• [DATASET EXTRACT]
Lemma well_conditioned_subr_unit (A : {set R}) :
  local_ring R -> well_conditioned A ->
  {in A &, forall x y, x != y -> (x - y) \is a GRing.unit}.
Proof.
move=> hloc [[_ hs] | [a aA [[hu hs] hz]]] x y xA yA xy; first exact: hs.
have anu : a \isn't a GRing.unit.
  case: hz => [[b [bn0 hab]] | ->]; last by rewrite unitr0.
  apply: contraNN bn0 => ua; by rewrite -(mulKr ua b) hab mulr0.
have inAa z : z \in A -> z != a -> z \in A :\ a by move=> zA za; rewrite !inE za.
have [xa | xa] := eqVneq x a; have [ya | ya] := eqVneq y a.
- by rewrite xa ya eqxx in xy.
- by rewrite xa; apply: local_subr_unit => //; apply/hu/inAa.
- by rewrite ya -opprB unitrN; apply: local_subr_unit => //; apply/hu/inAa.
- by apply: hs => //; apply: inAa.
Qed.

End LocalRing.

Lemma card_bigcup_disjoint (I T : finType) (F : I -> {set T}) :
  (forall i j, i != j -> [disjoint F i & F j]) ->
  #|\bigcup_i F i| = (\sum_i #|F i|)%N.
Proof.
move=> hdisj; elim: (index_enum I) (index_enum_uniq I) => [|i s IH] /=.
  by rewrite !big_nil cards0.
case/andP=> i_notin_s us; rewrite !big_cons -IH //; apply/eqP.
rewrite (leq_card_setU _ _).2 big_seq.
apply: (big_ind (fun B : {set T} => [disjoint F i & B])) => [||j js].
- by rewrite -setI_eq0 setI0.
- by move=> B1 B2; rewrite -!setI_eq0 setIUr => /eqP-> /eqP->; rewrite setU0.
- by apply: hdisj; apply: contraNneq i_notin_s => ->.
Qed.

Lemma max_poly_roots_subr_unit (R : comUnitRingType) (f : {poly R}) (s : seq R) :
  f != 0 -> uniq s -> {in s &, forall x y, x != y -> (x - y) \is a GRing.unit} ->
  all (root f) s -> (size s < size f)%N.
Proof.
move=> fn0 us hU rs; apply: max_ring_poly_roots => //.
elim: s us hU {rs} => [|x s IH] //= /andP[xs us] hU.
apply/andP; split; last by apply: IH => // y z ys zs; apply: hU; rewrite inE ?ys ?zs orbT.
apply/allP => y ys; rewrite /diff_roots mulrC eqxx /=.
by apply: hU; rewrite ?inE ?ys ?eqxx ?orbT //; apply: contraNneq xs => <-.
Qed.

Lemma root_prod_XsubC_mem (R : comNzRingType) (s : seq R) x :
  x \in s -> root (\prod_(z <- s) ('X - z%:P)) x.
Proof. by move=> xs; rewrite /root horner_prod (big_rem x) //= hornerXsubC subrr mul0r. Qed.

Lemma size_exp_lead_unit (R : comUnitRingType) (g : {poly R}) j :
  lead_coef g \is a GRing.unit ->
  size (g ^+ j) = ((size g).-1 * j).+1 /\ lead_coef (g ^+ j) = lead_coef g ^+ j.
Proof.
move=> lu; have g_gt0 : (0 < size g)%N.
  by rewrite size_poly_gt0 -lead_coef_eq0; apply: contraTneq lu => ->; rewrite unitr0.
elim: j => [|j [IHs IHl]]; first by rewrite !expr0 size_poly1 lead_coef1 muln0.
have nz : lead_coef (g ^+ j) * lead_coef g != 0.
  by rewrite IHl -exprSr; apply: contraTneq (unitrX j.+1 lu) => ->; rewrite unitr0.
rewrite exprSr size_proper_mul // lead_coef_proper_mul // IHs IHl -exprSr.
by split=> //; rewrite mulnS; lia.
Qed.

Section EvaluationPolynomials.
Variables (R : finComUnitRingType) (r t : nat).
Implicit Types (g : {poly R}) (a b : 'I_r * 'I_t -> R).

Lemma fpoly_pair g a :
  fpoly g a = \sum_(p : 'I_r * 'I_t) a p *: (g ^+ p.2 * 'X^(p.1)).
Proof. by rewrite /fpoly pair_big /=; apply: eq_bigr => -[i j]. Qed.

Lemma eq_fpoly g a b : a =1 b -> fpoly g a = fpoly g b.
Proof. by move=> eab; rewrite !fpoly_pair; apply: eq_bigr => p _; rewrite eab. Qed.

Lemma horner_fpoly g a y :
  (fpoly g a).[y] = \sum_(p : 'I_r * 'I_t) a p * (g.[y] ^+ p.2 * y ^+ p.1).
Proof.
rewrite fpoly_pair horner_sum; apply: eq_bigr => p _.
by rewrite hornerZ hornerM hornerXn horner_exp.
Qed.

Lemma horner_fpoly_polyC g a y : (fpoly g a).[y] = (fpoly (g.[y])%:P a).[y].
Proof. by rewrite !horner_fpoly; apply: eq_bigr => p _; rewrite hornerC. Qed.

Lemma fpolyB g a b : fpoly g (fun p => a p - b p) = fpoly g a - fpoly g b.
Proof. by rewrite !fpoly_pair -sumrB; apply: eq_bigr => p _; rewrite scalerBl. Qed.

Lemma size_fpoly g a : (size (fpoly g a) <= (size g).-1 * t.-1 + r)%N.
Proof.
rewrite fpoly_pair; apply: (big_ind (fun q : {poly R} => size q <= (size g).-1 * t.-1 + r)%N).
- by rewrite size_poly0.
- by move=> p q hp hq; apply: leq_trans (size_polyD _ _) _; rewrite geq_max hp hq.
move=> [i j] _ /=; apply: leq_trans (size_scale_leq _ _) _.
apply: leq_trans (size_polyMleq _ _) _; rewrite size_polyXn.
have := size_poly_exp_leq g j.
have : ((size g).-1 * j <= (size g).-1 * t.-1)%N.
  by rewrite leq_mul2l; have := ltn_ord j; lia.
have := ltn_ord i; move: ((size g).-1 * j)%N ((size g).-1 * t.-1)%N => x y; lia.
Qed.

(* The monomial g^j X^i has degree j(r+1) + i, and these degrees are pairwise distinct;
   the term of largest degree with a nonzero coefficient therefore survives in f_a. *)
Lemma fpoly_eq0 g a :
  size g = r.+2 -> lead_coef g \is a GRing.unit -> fpoly g a = 0 -> forall p, a p = 0.
Proof.
move=> sg lu fa0 p0; apply/eqP/negPn/negP => ap0.
pose D (p : 'I_r * 'I_t) := (p.2 * r.+1 + p.1)%N.
have Dinj : injective D.
  move=> [i j] [i' j']; rewrite /D /= => e.
  have hi := leqW (ltn_ord i); have hi' := leqW (ltn_ord i').
  have e1 := congr1 (divn^~ r.+1) e; have e2 := congr1 (modn^~ r.+1) e.
  rewrite /= !divnMDl // !divn_small // !addn0 in e1.
  rewrite /= !modnMDl !modn_small // in e2.
  by congr pair; apply: val_inj.
have [m am mmax] := @arg_maxnP _ p0 (fun p => a p != 0) D ap0.
have coef_top : (fpoly g a)`_(D m) = a m * lead_coef g ^+ m.2.
  rewrite fpoly_pair coef_sum (bigD1 m) //= big1 ?addr0.
    rewrite coefZ coefMXn ltnNge leq_addl /= addnK.
    have [sz ld] := size_exp_lead_unit m.2 lu.
    by rewrite -ld lead_coefE sz sg /= mulnC.
  move=> q qm; rewrite coefZ; have [->|aq] := eqVneq (a q) 0; first by rewrite mul0r.
  have Dq : (D q < D m)%N.
    have le_qm : (D q <= D m)%N := mmax q aq.
    by rewrite ltn_neqAle le_qm andbT; apply: contra_neq qm; exact: Dinj.
  rewrite coefMXn; case: ifP => _; first by rewrite mulr0.
  have [sz _] := size_exp_lead_unit q.2 lu.
  by rewrite nth_default ?mulr0 // sz sg /=; move: Dq; rewrite /D; lia.
move: coef_top; rewrite fa0 coef0 => /esym/(congr1 (fun x => x / lead_coef g ^+ m.2)).
by rewrite mulrK ?unitrX // mul0r => am0; rewrite am0 eqxx in am.
Qed.

Lemma horner_fpoly_coefM g (G F : {poly R}) y :
  (size G <= r)%N -> (size F <= t)%N ->
  (fpoly g (fun p : 'I_r * 'I_t => G`_p.1 * F`_p.2)).[y] = G.[y] * F.[g.[y]].
Proof.
move=> sG sF; rewrite horner_fpoly (horner_coef_wide y sG) (horner_coef_wide g.[y] sF).
rewrite mulr_suml (eq_bigr _ (fun i _ => mulr_sumr _ _ _ _)) pair_big /=.
by apply: eq_bigr => -[i j] _ /=; ring.
Qed.

Lemma exists_fpoly_roots g (bs vs : seq R) :
  (0 < r)%N -> (0 < t)%N -> size bs = r.-1 -> size vs = t.-1 ->
  exists2 a : {ffun 'I_r * 'I_t -> R}, a != 0 &
    forall x, (x \in bs) || (g.[x] \in vs) -> root (fpoly g a) x.
Proof.
move=> r_gt0 t_gt0 size_bs size_vs.
pose G := \prod_(z <- bs) ('X - z%:P); pose F := \prod_(z <- vs) ('X - z%:P).
have size_G : size G = r by rewrite size_prod_XsubC size_bs prednK.
have size_F : size F = t by rewrite size_prod_XsubC size_vs prednK.
exists [ffun p : 'I_r * 'I_t => G`_p.1 * F`_p.2] => [|x].
  have r'_lt_r : (r.-1 < r)%N by rewrite prednK.
  have t'_lt_t : (t.-1 < t)%N by rewrite prednK.
  apply/eqP => /ffunP/(_ (Ordinal r'_lt_r, Ordinal t'_lt_t)).
  rewrite !ffunE /= -{1}size_G -{1}size_F -!lead_coefE.
  by rewrite !(monicP (monic_prod_XsubC _ _ _)) mulr1 => /eqP; rewrite oner_eq0.
rewrite /root (eq_fpoly g (b := fun p : 'I_r * 'I_t => G`_p.1 * F`_p.2)) => [|p]; last first.
  by rewrite ffunE.
rewrite horner_fpoly_coefM ?size_G ?size_F // => /orP[xbs | gxvs].
  by rewrite (rootP (root_prod_XsubC_mem xbs)) mul0r.
by rewrite (rootP (root_prod_XsubC_mem gxvs)) mulr0.
Qed.

End EvaluationPolynomials.

Section PolynomialLRC.
Variables (R : finComUnitRingType) (r l t : nat) (Ab : 'I_l -> {set R}) (g : {poly R}).

Local Notation n := (r.+1 * l)%N.
Local Notation K := (r * t)%N.
Local Notation A := (\bigcup_(i < l) Ab i).

Hypothesis Ab_disjoint : forall i j, i != j -> [disjoint Ab i & Ab j].
Hypothesis card_Ab : forall i, #|Ab i| = r.+1.
Hypothesis A_subr_unit : {in A &, forall x y, x != y -> (x - y) \is a GRing.unit}.
Hypothesis size_g : size g = r.+2.
Hypothesis lead_g_unit : lead_coef g \is a GRing.unit.
Hypothesis g_const_on_Ab : forall i, {in Ab i &, forall x y, g.[x] = g.[y]}.
Hypothesis r_gt0 : (0 < r)%N.
Hypothesis t_gt0 : (0 < t)%N.
Hypothesis t_le_l : (t <= l)%N.

Definition pos (k : 'I_n) : R := nth 0 (enum A) k.
Definition evc (f : {poly R}) : 'rV[R]_n := \row_(k < n) f.[pos k].
Definition code : {set 'rV[R]_n} := [set evc (fpoly g a) | a : {ffun 'I_r * 'I_t -> R}].

Lemma card_A : #|A| = n.
Proof.
rewrite card_bigcup_disjoint //; under eq_bigr do rewrite card_Ab.
by rewrite sum_nat_const card_ord mulnC.
Qed.

Lemma size_enum_A : size (enum A) = n.
Proof. by rewrite -cardE card_A. Qed.

Lemma pos_in_A k : pos k \in A.
Proof. by rewrite /pos -mem_enum mem_nth // size_enum_A. Qed.

Lemma pos_inj : injective pos.
Proof.
move=> k1 k2 e; apply/val_inj/eqP.
by rewrite -(@nth_uniq _ 0 (enum A)) ?size_enum_A ?enum_uniq ?ltn_ord //; apply/eqP.
Qed.

Lemma card_pos_preim (S : {set R}) : S \subset A -> #|[set k | pos k \in S]| = #|S|.
Proof.
move=> sSA; rewrite -(card_imset _ pos_inj); apply: eq_card => x.
apply/imsetP/idP => [[k + ->]|xS]; first by rewrite inE.
have xA : x \in enum A by rewrite mem_enum (subsetP sSA).
have k_lt : (index x (enum A) < n)%N by rewrite -size_enum_A index_mem.
by exists (Ordinal k_lt); rewrite ?inE /pos nth_index.
Qed.

Lemma card_zeros_lt_size (f : {poly R}) (Z : {set 'I_n}) :
  f != 0 -> {in Z, forall k, root f (pos k)} -> (#|Z| < size f)%N.
Proof.
move=> fn0 hZ; rewrite cardE -(size_map pos).
apply: max_poly_roots_subr_unit => //.
- by rewrite (map_inj_uniq pos_inj) enum_uniq.
- by move=> x y /mapP[k _ ->] /mapP[k' _ ->]; apply: A_subr_unit; apply: pos_in_A.
- by apply/allP => _ /mapP[k kZ ->]; apply: hZ; rewrite -mem_enum.
Qed.

Lemma size_fpoly_g (a : 'I_r * 'I_t -> R) : (size (fpoly g a) <= K + t - 1)%N.
Proof.
apply: leq_trans (size_fpoly g a) _; rewrite size_g /=.
have := mulSn r t.-1; have := mulnS r t.-1; rewrite prednK //.
move: (r * t.-1)%N (r.+1 * t.-1)%N => x y; lia.
Qed.

Lemma K_add_t_le_n : (K + t <= n)%N.
Proof. by rewrite addnC -mulSn leq_mul2l t_le_l orbT. Qed.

• [TASK DIRECTIONS] For each line above that contains the word "unitrX", copy that line.

• [ANSWER BELOW]
  by rewrite IHl -exprSr; apply: contraTneq (unitrX j.+1 lu) => ->; rewrite unitr0.
by rewrite mulrK ?unitrX // mul0r => am0; rewrite am0 eqxx in am.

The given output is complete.